Only one stretch of the data below should be repeated: the lines from the line containing "(n%:R * ln n%:R)." through the line containing "by apply: (lt_le_trans", inclusive, exactly as they are.

Stored data entries:

####################

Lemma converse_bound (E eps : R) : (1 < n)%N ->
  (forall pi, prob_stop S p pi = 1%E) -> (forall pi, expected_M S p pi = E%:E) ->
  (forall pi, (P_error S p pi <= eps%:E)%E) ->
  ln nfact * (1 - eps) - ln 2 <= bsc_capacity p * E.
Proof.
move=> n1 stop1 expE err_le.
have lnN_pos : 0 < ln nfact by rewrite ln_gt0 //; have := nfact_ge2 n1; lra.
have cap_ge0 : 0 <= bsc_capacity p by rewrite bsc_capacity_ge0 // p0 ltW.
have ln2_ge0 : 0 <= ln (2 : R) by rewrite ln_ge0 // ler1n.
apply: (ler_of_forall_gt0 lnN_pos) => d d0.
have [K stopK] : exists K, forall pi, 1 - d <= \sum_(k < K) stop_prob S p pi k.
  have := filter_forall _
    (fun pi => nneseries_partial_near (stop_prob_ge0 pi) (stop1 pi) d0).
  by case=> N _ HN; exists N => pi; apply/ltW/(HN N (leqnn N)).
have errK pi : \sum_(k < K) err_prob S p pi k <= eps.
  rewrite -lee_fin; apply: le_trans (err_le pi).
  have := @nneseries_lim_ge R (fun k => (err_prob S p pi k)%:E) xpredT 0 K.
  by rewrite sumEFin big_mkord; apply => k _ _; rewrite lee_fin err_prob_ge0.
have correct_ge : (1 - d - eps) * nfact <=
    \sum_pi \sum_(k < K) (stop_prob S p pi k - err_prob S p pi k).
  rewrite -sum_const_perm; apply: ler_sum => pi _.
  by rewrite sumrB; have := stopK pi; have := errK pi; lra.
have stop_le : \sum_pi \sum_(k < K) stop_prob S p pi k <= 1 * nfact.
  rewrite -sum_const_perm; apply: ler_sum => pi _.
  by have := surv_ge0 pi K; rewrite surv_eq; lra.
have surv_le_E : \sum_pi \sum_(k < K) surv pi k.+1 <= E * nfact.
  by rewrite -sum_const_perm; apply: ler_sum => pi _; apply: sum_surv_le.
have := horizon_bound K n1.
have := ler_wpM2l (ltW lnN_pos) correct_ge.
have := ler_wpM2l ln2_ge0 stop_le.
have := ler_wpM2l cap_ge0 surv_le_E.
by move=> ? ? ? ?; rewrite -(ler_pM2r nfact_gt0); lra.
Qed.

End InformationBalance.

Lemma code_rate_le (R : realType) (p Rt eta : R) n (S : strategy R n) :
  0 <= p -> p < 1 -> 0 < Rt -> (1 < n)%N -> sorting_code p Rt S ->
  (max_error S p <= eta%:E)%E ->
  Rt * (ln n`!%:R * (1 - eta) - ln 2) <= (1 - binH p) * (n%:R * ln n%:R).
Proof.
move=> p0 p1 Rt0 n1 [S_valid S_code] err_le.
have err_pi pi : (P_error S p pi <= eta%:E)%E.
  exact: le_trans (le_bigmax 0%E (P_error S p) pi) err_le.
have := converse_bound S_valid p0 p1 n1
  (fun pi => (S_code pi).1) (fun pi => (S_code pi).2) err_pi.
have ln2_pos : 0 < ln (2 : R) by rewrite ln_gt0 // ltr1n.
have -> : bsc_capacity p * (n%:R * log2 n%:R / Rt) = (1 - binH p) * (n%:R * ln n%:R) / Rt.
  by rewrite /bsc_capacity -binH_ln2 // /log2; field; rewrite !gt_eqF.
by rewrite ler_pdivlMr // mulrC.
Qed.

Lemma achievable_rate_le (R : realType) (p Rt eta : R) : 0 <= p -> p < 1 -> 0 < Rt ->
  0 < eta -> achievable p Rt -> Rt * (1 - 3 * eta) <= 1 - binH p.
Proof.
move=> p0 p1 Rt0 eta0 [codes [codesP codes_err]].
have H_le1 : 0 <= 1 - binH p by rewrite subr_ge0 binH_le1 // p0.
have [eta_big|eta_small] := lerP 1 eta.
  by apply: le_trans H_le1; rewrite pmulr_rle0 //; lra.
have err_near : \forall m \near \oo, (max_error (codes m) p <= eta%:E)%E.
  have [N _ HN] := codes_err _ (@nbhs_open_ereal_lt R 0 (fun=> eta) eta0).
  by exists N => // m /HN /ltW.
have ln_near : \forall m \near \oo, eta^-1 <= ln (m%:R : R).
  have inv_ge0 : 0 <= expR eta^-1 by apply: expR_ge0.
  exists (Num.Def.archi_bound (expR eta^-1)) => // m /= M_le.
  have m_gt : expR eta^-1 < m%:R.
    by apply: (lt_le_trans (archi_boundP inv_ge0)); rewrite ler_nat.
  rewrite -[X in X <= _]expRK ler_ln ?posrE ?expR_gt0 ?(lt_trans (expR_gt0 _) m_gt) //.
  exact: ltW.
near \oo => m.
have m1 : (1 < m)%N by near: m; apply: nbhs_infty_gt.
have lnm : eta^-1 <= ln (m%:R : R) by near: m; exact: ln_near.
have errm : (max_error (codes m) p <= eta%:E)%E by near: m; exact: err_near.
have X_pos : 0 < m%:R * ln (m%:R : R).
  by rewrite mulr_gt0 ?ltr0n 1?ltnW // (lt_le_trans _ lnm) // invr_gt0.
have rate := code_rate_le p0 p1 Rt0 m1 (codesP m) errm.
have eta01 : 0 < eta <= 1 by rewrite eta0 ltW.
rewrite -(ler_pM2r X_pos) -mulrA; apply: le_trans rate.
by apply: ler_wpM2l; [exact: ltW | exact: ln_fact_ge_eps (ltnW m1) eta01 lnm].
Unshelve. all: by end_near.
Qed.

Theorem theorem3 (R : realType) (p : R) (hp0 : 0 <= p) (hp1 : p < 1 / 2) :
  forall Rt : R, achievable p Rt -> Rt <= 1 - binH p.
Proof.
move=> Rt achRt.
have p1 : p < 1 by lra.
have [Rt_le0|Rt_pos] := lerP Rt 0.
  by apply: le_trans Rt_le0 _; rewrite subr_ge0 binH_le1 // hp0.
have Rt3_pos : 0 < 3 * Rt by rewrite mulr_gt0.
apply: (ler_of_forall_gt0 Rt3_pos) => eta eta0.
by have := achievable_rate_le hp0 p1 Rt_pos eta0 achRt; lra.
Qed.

####################

Solution to this problem ▸
  Rt * (ln n`!%:R * (1 - eta) - ln 2) <= (1 - binH p) * (n%:R * ln n%:R).
Proof.
move=> p0 p1 Rt0 n1 [S_valid S_code] err_le.
have err_pi pi : (P_error S p pi <= eta%:E)%E.
  exact: le_trans (le_bigmax 0%E (P_error S p) pi) err_le.
have := converse_bound S_valid p0 p1 n1
  (fun pi => (S_code pi).1) (fun pi => (S_code pi).2) err_pi.
have ln2_pos : 0 < ln (2 : R) by rewrite ln_gt0 // ltr1n.
have -> : bsc_capacity p * (n%:R * log2 n%:R / Rt) = (1 - binH p) * (n%:R * ln n%:R) / Rt.
  by rewrite /bsc_capacity -binH_ln2 // /log2; field; rewrite !gt_eqF.
by rewrite ler_pdivlMr // mulrC.
Qed.

Lemma achievable_rate_le (R : realType) (p Rt eta : R) : 0 <= p -> p < 1 -> 0 < Rt ->
  0 < eta -> achievable p Rt -> Rt * (1 - 3 * eta) <= 1 - binH p.
Proof.
move=> p0 p1 Rt0 eta0 [codes [codesP codes_err]].
have H_le1 : 0 <= 1 - binH p by rewrite subr_ge0 binH_le1 // p0.
have [eta_big|eta_small] := lerP 1 eta.
  by apply: le_trans H_le1; rewrite pmulr_rle0 //; lra.
have err_near : \forall m \near \oo, (max_error (codes m) p <= eta%:E)%E.
  have [N _ HN] := codes_err _ (@nbhs_open_ereal_lt R 0 (fun=> eta) eta0).
  by exists N => // m /HN /ltW.
have ln_near : \forall m \near \oo, eta^-1 <= ln (m%:R : R).
  have inv_ge0 : 0 <= expR eta^-1 by apply: expR_ge0.
  exists (Num.Def.archi_bound (expR eta^-1)) => // m /= M_le.
  have m_gt : expR eta^-1 < m%:R.
    by apply: (lt_le_trans (archi_boundP inv_ge0)); rewrite ler_nat.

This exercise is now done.